In Steering the Craft, Ursula K. Le Guin mentions one of the exercises she has used most with her creative writing students, the so-called chastity exercise. To avoid overloaded and bombastic styles, she asks that an entire page of prose be written without adjectives or adverbs. It's complicated, she tells us, because even words as basic as “just” or “then” are adverbial, so sometimes it's not possible to eliminate them all. But surely you can remove all the adverbs ending in “mind” and the pompous adjectives. In the end, the result is a very chaste and very plain prose text. And because you have put all your energies into the verbs and nouns, it is stronger and richer.
Conspicuous and elaborate styles abound, it is true, and chastity would not hurt at all for a few. Where does this false idea come from that to write well you have to overload the text? It is evident that, when this happens, the writer is more concerned with demonstrating how well he writes and the number of adjectives he uses than with conveying a specific idea or emotion. He wants to impress and fears he won't be able to do so if he doesn't use inflated language. And he does not fail: he who writes this way is not in the least interested in hearing that he has enough words to spare. He is happy with his fatness and takes offense at the suggestion of a diet.
And what about oral language? Contrast this “obesity” in written expression with the current verbal poverty, especially among young people. Generalizing is never fair, as always, there are exceptions, but I don't think I'm exaggerating when I say that sometimes it's truly terrifying to listen to young people's conversations. I am sitting in the cafeteria of a Faculty of Letters in Madrid. Next to me, there are some students talking and I listen. “Like, man,” one of the young women begins, “I'm amazed that Marta caught Chema. Like, I don't understand how that guy rents you. He is ugly mallet.” To which her friend replies: “Like, me neither.” Fillers, clichés, limited vocabulary. In two seconds, all hope of nourishing the imagination with a compelling story vanishes.
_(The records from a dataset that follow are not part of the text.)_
(* Let $\mathbb{H}$ be a finite set and $\mathcal{H}=(H_e)_{e\in E(\mathbb{Z}^d)}$ a collection of subsets of $\mathbb{H}^2$. Let $S\subset\mathbb{Z}^d$ be finite and even, let $\{\mathbb{H}_u\}_{u\in\partial_\bullet S}$ be subsets of $\mathbb{H}$, and let $\mathcal{F}\subset\mathrm{Hom}_{S,\mathcal{H}}$ be such that $F(u)\in\mathbb{H}_u$ for every $F\in\mathcal{F}$ and $u\in\partial_\bullet S$. Let $F$ be a uniformly random element of $\mathcal{F}$, and for each odd $v\in S$ let $X_v$ be a random variable measurable with respect to $F|_{N(v)}$. Then \[ |\mathcal{F}|\le\prod_{v\in S\text{ odd}}\ \prod_x\left(\frac{Z^{\mathcal{H}}_v(\Psi_{v,x},I_{v,x})}{\mathbb{P}(X_v=x)}\right)^{\mathbb{P}(X_v=x)/2d}\cdot\prod_{u\in\partial_\bullet S}|\mathbb{H}_u|^{\frac1{2d}|\partial u\cap\partial S|}, \] where the inner product is over $x$ in the support of $X_v$, and $\Psi_{v,x}$, $I_{v,x}$ are the supports of $F|_{N(v)}$ and $F(v)$ on the event $\{X_v=x\}$.
   Context: $\mathbb{Z}^d$ with nearest-neighbour edges $E(\mathbb{Z}^d)$; even/odd vertices by parity of coordinate sum; $N(v)$ the neighbours of $v$; $\partial_\bullet S$ the vertices of $S$ with a neighbour outside $S$; $S$ is even if $\partial_\bullet S$ consists only of even vertices; $\partial u$ the edges incident to $u$; $\partial S$ the edges with exactly one endpoint in $S$. $\mathrm{Hom}_{S,\mathcal{H}}$ is the set of $F:S\to\mathbb{H}$ with $(F(v),F(u))\in H_{\{v,u\}}$ whenever $v\in S$ is odd and $u\sim v$. For an edge $e$ and $h\in\mathbb{H}$, $H_{e,h}=\{h'\in\mathbb{H}:(h',h)\in H_e\}$; for odd $v$ and $\psi:N(v)\to\mathbb{H}$, $H_{v,\psi}=\bigcap_{u\sim v}H_{\{v,u\},\psi(u)}$; for a set $\Psi$ of such $\psi$ and $I\subset\mathbb{H}$, $Z^{\mathcal{H}}_v(\Psi,I)=\sum_{\psi\in\Psi}|H_{v,\psi}\cap I|^{2d}$. *)

From HB Require Import structures.
From mathcomp Require Import all_boot all_order all_algebra.
From mathcomp Require Import finmap.
From mathcomp Require Import reals exp.
Set Implicit Arguments.
Unset Strict Implicit.
Unset Printing Implicit Defensive.
Import Order.TTheory GRing.Theory Num.Theory.
Local Open Scope fset_scope.

Definition pt (d : nat) := {ffun 'I_d -> int}.

Definition odd_pt d (v : pt d) : bool := odd (absz (\sum_(i < d) v i)%R).

Definition shift d (v : pt d) (i : 'I_d) (s : int) : pt d :=
  [ffun j => if j == i then (v j + s)%R else v j].

Definition nbrs d (v : pt d) : seq (pt d) :=
  [seq shift v i 1%R | i <- enum 'I_d] ++ [seq shift v i (-1)%R | i <- enum 'I_d].

Definition ibd d (S : {fset pt d}) (u : pt d) : bool :=
  (u \in S) && has (fun w => w \notin S) (nbrs u).

Definition even_set d (S : {fset pt d}) : Prop :=
  forall u, ibd S u -> ~~ odd_pt u.

(* |∂u ∩ ∂S| : number of edges from u leaving S *)
Definition nout d (S : {fset pt d}) (u : pt d) : nat :=
  count (fun w => w \notin S) (nbrs u).

(* Hom_{S,H}: Hc v u is H_{v,u} (symmetric in the edge) *)
Definition is_hom d (H : finType) (S : {fset pt d})
  (Hc : pt d -> pt d -> {set H * H}) (F : {ffun S -> H}) : Prop :=
  forall v u : S, odd_pt (val v) -> val u \in nbrs (val v) ->
    (F v, F u) \in Hc (val v) (val u).

(* F|_{N(v)}, encoded as a partial function on S *)
Definition restrN d (H : finType) (S : {fset pt d}) (v : pt d)
  (F : {ffun S -> H}) : {ffun S -> option H} :=
  [ffun u => if val u \in nbrs v then Some (F u) else None].

Definition Hvpsi d (H : finType) (S : {fset pt d})
  (Hc : pt d -> pt d -> {set H * H}) (v : pt d) (psi : {ffun S -> option H})
  : {set H} :=
  [set h | [forall u : S, if psi u is Some a then (h, a) \in Hc v (val u)
                          else true]].

Definition Zv (R : realType) d (H : finType) (S : {fset pt d})
  (Hc : pt d -> pt d -> {set H * H}) (v : pt d)
  (Psi : seq {ffun S -> option H}) (I : {set H}) : R :=
  (\sum_(psi <- Psi) (#|Hvpsi Hc v psi :&: I| ^ (2 * d))%:R)%R.

Definition event d (H : finType) (S : {fset pt d}) (T : eqType)
  (Fam : {set {ffun S -> H}}) (X : {ffun S -> H} -> T) (x : T)
  : {set {ffun S -> H}} := [set F in Fam | X F == x].

Definition prob (R : realType) d (H : finType) (S : {fset pt d}) (T : eqType)
  (Fam : {set {ffun S -> H}}) (X : {ffun S -> H} -> T) (x : T) : R :=
  (#|event Fam X x|%:R / #|Fam|%:R)%R.

Definition supp d (H : finType) (S : {fset pt d}) (T : eqType)
  (Fam : {set {ffun S -> H}}) (X : {ffun S -> H} -> T) : seq T :=
  undup [seq X F | F <- enum Fam].

Definition Psi d (H : finType) (S : {fset pt d}) (T : eqType)
  (Fam : {set {ffun S -> H}}) (X : {ffun S -> H} -> T) (v : pt d) (x : T)
  : seq {ffun S -> option H} :=
  undup [seq restrN v F | F <- enum (event Fam X x)].

Definition Ivx d (H : finType) (S : {fset pt d}) (T : eqType)
  (Fam : {set {ffun S -> H}}) (X : {ffun S -> H} -> T) (v : S) (x : T)
  : {set H} := [set (F : {ffun S -> H}) v | F in event Fam X x].

(* For F uniform on Fam and a set W of sites, let h(W) be the entropy of F|_W;
   h is monotone and submodular.  Neighbourhoods of odd sites consist of even
   sites, so the chain rule gives
     ln |Fam| = h(S) <= h(even) + sum_(v odd) (h(v + N v) - h(N v)),
   and Shearer's inequality, each even site being covered 2d times by the
   neighbourhoods N v of its odd neighbours and by its edges leaving S, gives
     2d h(even) <= sum_(v odd) h(N v) + sum_u |du /\ dS| h(u).
   Finally h(u) <= ln |H_u|, and for odd v Gibbs' inequality bounds
     2d (h(v + N v) - h(N v)) + h(N v)
   by sum_x P(X_v = x) ln (Z_v(Psi_(v,x), I_(v,x)) / P(X_v = x)), because given
   F|_(N v) = psi and X_v = x the value F(v) ranges over H_(v,psi) /\ I_(v,x). *)

From HB Require Import structures.
From mathcomp Require Import all_boot all_order all_algebra.
From mathcomp Require Import finmap.
From mathcomp Require Import reals exp sequences.
From mathcomp Require Import lra zify.
Import Order.TTheory GRing.Theory Num.Theory.

Set Implicit Arguments.
Unset Strict Implicit.
Unset Printing Implicit Defensive.

Local Open Scope ring_scope.

Section Fibers.
Variables (O : finType) (B : eqType) (A : {set O}) (f : O -> B).

Definition fiber_card (w : O) : nat := #|[set w' in A | f w' == f w]|.

Lemma fiber_card_gt0 w : w \in A -> (0 < fiber_card w)%N.
Proof. by move=> wA; apply/card_gt0P; exists w; rewrite inE wA eqxx. Qed.

Lemma fiber_card_eq w w' : f w = f w' -> fiber_card w = fiber_card w'.
Proof. by rewrite /fiber_card => ->. Qed.

Variable R : numFieldType.

Lemma natr_fiber_card_gt0 w : w \in A -> 0 < (fiber_card w)%:R :> R.
Proof. by move=> wA; rewrite ltr0n fiber_card_gt0. Qed.

Lemma natr_fiber_cardE w :
  (fiber_card w)%:R = \sum_(w' in A) (f w' == f w)%:R :> R.
Proof.
rewrite /fiber_card -sum1_card natr_sum big_mkcond [RHS]big_mkcond /=.
by apply: eq_bigr => w' _; rewrite inE; case: (w' \in A); case: (f w' == f w).
Qed.

Lemma sum_fiber_card_mul (h : O -> R) :
  \sum_(w in A) (fiber_card w)%:R * h w =
  \sum_(w1 in A) \sum_(w in A | f w == f w1) h w.
Proof.
under eq_bigr do rewrite natr_fiber_cardE mulr_suml.
rewrite exchange_big /=; apply: eq_bigr => w1 _.
rewrite big_mkcondr /=; apply: eq_bigr => w _.
by rewrite eq_sym; case: (f w == f w1); rewrite ?mul1r ?mul0r.
Qed.

Lemma big_fibers (K : O -> R) :
  \sum_(w in A) K w =
  \sum_(b <- undup [seq f w | w <- enum A]) \sum_(w in A | f w == b) K w.
Proof.
symmetry; rewrite -(exchange_big_dep xpredT) //=.
apply: eq_bigr => w wA; rewrite -big_filter.
have fw_img : f w \in undup [seq f w' | w' <- enum A].
  by rewrite mem_undup; apply: map_f; rewrite mem_enum.
have -> : [seq b <- undup [seq f w' | w' <- enum A] | f w == b] = [:: f w].
  rewrite -(filter_pred1_uniq (undup_uniq _) fw_img).
  by apply: eq_filter => b /=; rewrite eq_sym.
by rewrite big_seq1.
Qed.

Lemma sum_div_fiber_card (G : B -> R) :
  \sum_(w in A) G (f w) / (fiber_card w)%:R =
  \sum_(b <- undup [seq f w | w <- enum A]) G b.
Proof.
rewrite (big_fibers (fun w => G (f w) / _)) big_seq [RHS]big_seq.
apply: eq_bigr => b; rewrite mem_undup => /mapP[w0]; rewrite mem_enum => w0A ->.
rewrite (eq_bigr (fun=> G (f w0) / (fiber_card w0)%:R)); last first.
  by move=> w /andP[_ /eqP fw]; rewrite fw (fiber_card_eq fw).
rewrite (eq_bigl (fun w => w \in [set w' in A | f w' == f w0])); last first.
  by move=> w; rewrite inE.
rewrite sumr_const -[_ *+ _]mulr_natr divfK //.
by rewrite pnatr_eq0 -lt0n fiber_card_gt0.
Qed.
(* For a finite constant [r >= 0] we prove more: [X <= Y + r] pointwise
   implies [aert C X <= aert C Y + r], by induction on [C].  Separating
   addition and subtraction, infima, suprema and truncated subtraction all
   commute with adding [r] up to [<=]; probabilistic choice is a convex
   combination; and for a loop, adding [r] to a prefixed point of the
   functional for [Y] gives a prefixed point of the functional for [X].
   For [c = +oo] the right-hand side is [+oo], since [aert C X] never drops
   below [-pi]. *)
From HB Require Import structures.
From mathcomp Require Import all_boot all_order all_algebra.
From mathcomp Require Import finmap.
From mathcomp Require Import boolp classical_sets reals constructive_ereal ereal.
From mathcomp Require Import Rstruct.

Import Order.TTheory GRing.Theory Num.Theory.
Local Open Scope classical_set_scope.
Local Open Scope ring_scope.
Local Open Scope ereal_scope.

Lemma ereal_inf_shift (S T : set \bar RR) (r : RR) :
  (forall x, S x -> exists2 y, T y & y <= x + r%:E) ->
  ereal_inf T <= ereal_inf S + r%:E.
Proof.
move=> ST; rewrite -leeBlDr //; apply: le_ereal_inf_tmp => x Sx.
have [y Ty yx] := ST x Sx; rewrite leeBlDr //.
exact: le_trans (ereal_inf_lbound Ty) yx.
Qed.

Lemma ereal_sup_shift (S T : set \bar RR) (r : RR) :
  (forall x, S x -> exists2 y, T y & x <= y + r%:E) ->
  ereal_sup S <= ereal_sup T + r%:E.
Proof.
move=> ST; apply: ge_ereal_sup => x Sx.
have [y Ty xy] := ST x Sx; apply: le_trans xy _.
by apply: leeD2r; exact: ereal_sup_ubound.
Qed.

Lemma tsub_ge0 (a b : \bar RR) : 0 <= tsub a b.
Proof. by case: a => [a| |]; case: b => [b| |] //=; rewrite le_max lexx orbT. Qed.

Lemma tsubE (a b : \bar RR) : a != +oo -> b != +oo -> tsub a b = maxe (a - b) 0.
Proof. by case: a => [a| |]; case: b => [b| |]. Qed.

Lemma tsub_shift (a' a b : \bar RR) (r : RR) : (0 <= r)%R ->
  a' <= a + r%:E -> tsub a' b <= tsub a b + r%:E.
Proof.
move=> r0 a'a.
have [->|b_fin] := eqVneq b +oo.
  by case: a' a'a => [?| |]; case: a => [?| |] //= _; rewrite add0e lee_fin.
have [->|a_fin] := eqVneq a +oo.
  by case: b b_fin => [?| |] //= _; rewrite ?addye ?leey.
have a'_fin : a' != +oo.
  by apply: contra_neq a_fin => a'y; move: a'a; rewrite a'y leye_eq; case: (a).
rewrite !tsubE // ge_max; apply/andP; split.
  apply: le_trans (_ : a - b + r%:E <= _); last by apply: leeD2r; rewrite le_max lexx.
  by rewrite addeAC; apply: leeD2r.
apply: le_trans (_ : 0 + r%:E <= _); last by apply: leeD2r; rewrite le_max lexx orbT.
by rewrite add0e lee_fin.
Qed.

Section ConvexCombination.
Variable P : RR.
Hypotheses (P_ge0 : (0 <= P)%R) (P_le1 : (0 <= 1 - P)%R).

Lemma convex_comb_ge (x : RR) (a b : \bar RR) : x%:E <= a -> x%:E <= b ->
  x%:E <= P%:E * a + (1 - P)%:E * b.
Proof.
move=> xa xb; apply: le_trans (_ : (P * x)%:E + ((1 - P) * x)%:E <= _).
  by rewrite -EFinD -mulrDl addrC subrK mul1r.
by apply: leeD; rewrite EFinM; apply: lee_wpmul2l; rewrite ?lee_fin.
Qed.

Lemma convex_comb_shift (a a' b b' : \bar RR) (r : RR) :
  a' <= a + r%:E -> b' <= b + r%:E ->
  P%:E * a' + (1 - P)%:E * b' <= P%:E * a + (1 - P)%:E * b + r%:E.
Proof.
move=> a'a b'b.
apply: le_trans (_ : P%:E * (a + r%:E) + (1 - P)%:E * (b + r%:E) <= _).
  by apply: leeD; apply: lee_wpmul2l; rewrite ?lee_fin.
rewrite !muleDr ?fin_num_adde_defl // -!EFinM addeACA -EFinD.
by rewrite -mulrDl addrCA subrr addr0 mul1r.
Qed.

End ConvexCombination.

Section AmortizedRuntime.
Variable Vars : finType.
Implicit Types (f F G X Y : rt Vars) (st : state Vars) (C : prog Vars).

Definition atomic C : bool :=
  match C with
  | Assign _ _ | Alloc _ _ | Store _ _ | Lookup _ _ | Free _ => true
  | _ => false
  end.

Lemma aert_atomic (pi : state Vars -> RR) C X st : atomic C ->
  aert pi C X st = ert C (fun st' => X st' + (pi st')%:E) st - (pi st)%:E.
Proof. by case: C. Qed.

Lemma sepadd_shift F G G' (r : RR) st :
  (forall st, G' st <= G st + r%:E) -> sepadd F G' st <= sepadd F G st + r%:E.
Proof.
move=> G'G; apply: ereal_inf_shift => _ [h1 [h2 [h12 sth ->]]].
exists (F (st.1, h1) + G' (st.1, h2)); first by exists h1, h2.
by rewrite -addeA; apply: leeD2l.
Qed.

Lemma sepsub_shift F G G' (r : RR) st : (0 <= r)%R ->
  (forall st, G' st <= G st + r%:E) -> sepsub F G' st <= sepsub F G st + r%:E.
Proof.
move=> r0 G'G; apply: ereal_sup_shift => _ [h [hh' ->]].
exists (tsub (G (st.1, hunion st.2 h)) (F (st.1, h))); first by exists h.
exact: tsub_shift.
Qed.

Lemma ert_atomic_shift C f f' (r : RR) : atomic C -> (0 <= r)%R ->
  (forall st, f' st <= f st + r%:E) -> forall st, ert C f' st <= ert C f st + r%:E.
Proof.
case: C => //= [x e|x e|e e'|x e|e] _ r0 f'f st.
- exact: f'f.
- apply: ereal_sup_shift => _ [n _ <-]; eexists; first by exists n.
  by apply: sepsub_shift => // st'; exact: f'f.
- by apply: sepadd_shift => st'; exact: sepsub_shift.
- apply: ereal_inf_shift => _ [n _ <-]; eexists; first by exists n.
  by apply: sepadd_shift => st'; apply: sepsub_shift => // st''; exact: f'f.
- exact: sepadd_shift.
Qed.

Lemma sepadd_ge0 F G st : (forall st, 0 <= F st) -> (forall st, 0 <= G st) ->
  0 <= sepadd F G st.
Proof.
move=> F0 G0; apply: le_ereal_inf_tmp => _ [h1 [h2 [_ _ ->]]].
exact: adde_ge0.
Qed.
I suppose that this anemic oral language, at least in appearance, is due to multiple reasons. One of the reasons always given is that people read less and less. I think that no one doubts the importance of reading and it is not my purpose to delve into it here. The abbreviated language of social networks permeates the language, which suffers from a serious illness: it is remaining in its bones. In any case—and here we return to written language—it is not about improving expression with a caloric diet based on adjectives and adverbs. It is not (only) about expanding vocabulary, but about giving weight to what is truly important, which are verbs and nouns. Deep down, and although they have a different origin, both languages suffer from the same obesity: that of building from scraps and flourishes, from everything that adorns the language.
The language has to be effective, appropriate for what is being told. Whenever they ask me which novel I have learned the most from, I answer the same thing: The big notebook, by Agota Kristof, the story of two children, twin brothers, who during World War II are left by their mother in the care of their grandmother in a small village. Well then; This novel has a vocabulary that does not exceed a thousand words. “Just enough, without filler, without fat,” as she herself would explain in an interview. In what, then, does the magic of its expressive vigor consist?
Kristof herself wrote in her autobiographical book The illiterate that the style of the novel was due to the fact that he was writing in a foreign language; After fleeing Hungary for political reasons, crossing the border with her husband and her young son, she settled in Switzerland and had to learn French. She writes in what may seem like clumsy French, but whose economy and harshness have hypnotic effects, necessary for what she is telling. She had never said so much with so little.
It occurs to me that the exercise of chastity that Ursula K. Le Guin talks about is something similar to an exercise in efficiency. And effectiveness, both in written and oral expression, has to do with whether we manage to convey an idea or an emotion. Avoid flabby language full of clichés, adjust substance and form, look for the vivid phrase and the right word. Flaubert claimed to have found the latter when his ear told him: when it sounded good. Virginia Woolf expressed it with some beautiful words addressed to her friend Vita Sakville-West: style is rhythm, “a wave in the mind”, the wave, the rhythm come before the words and make the words fit. And the fact is that, beneath the smooth surface of the text, a hidden life has to pulsate, something that makes us feel and that somehow disturbs us. Poet Emily Dickinson said “if I have the physical sensation of my brains being lifted off, I know that is poetry.”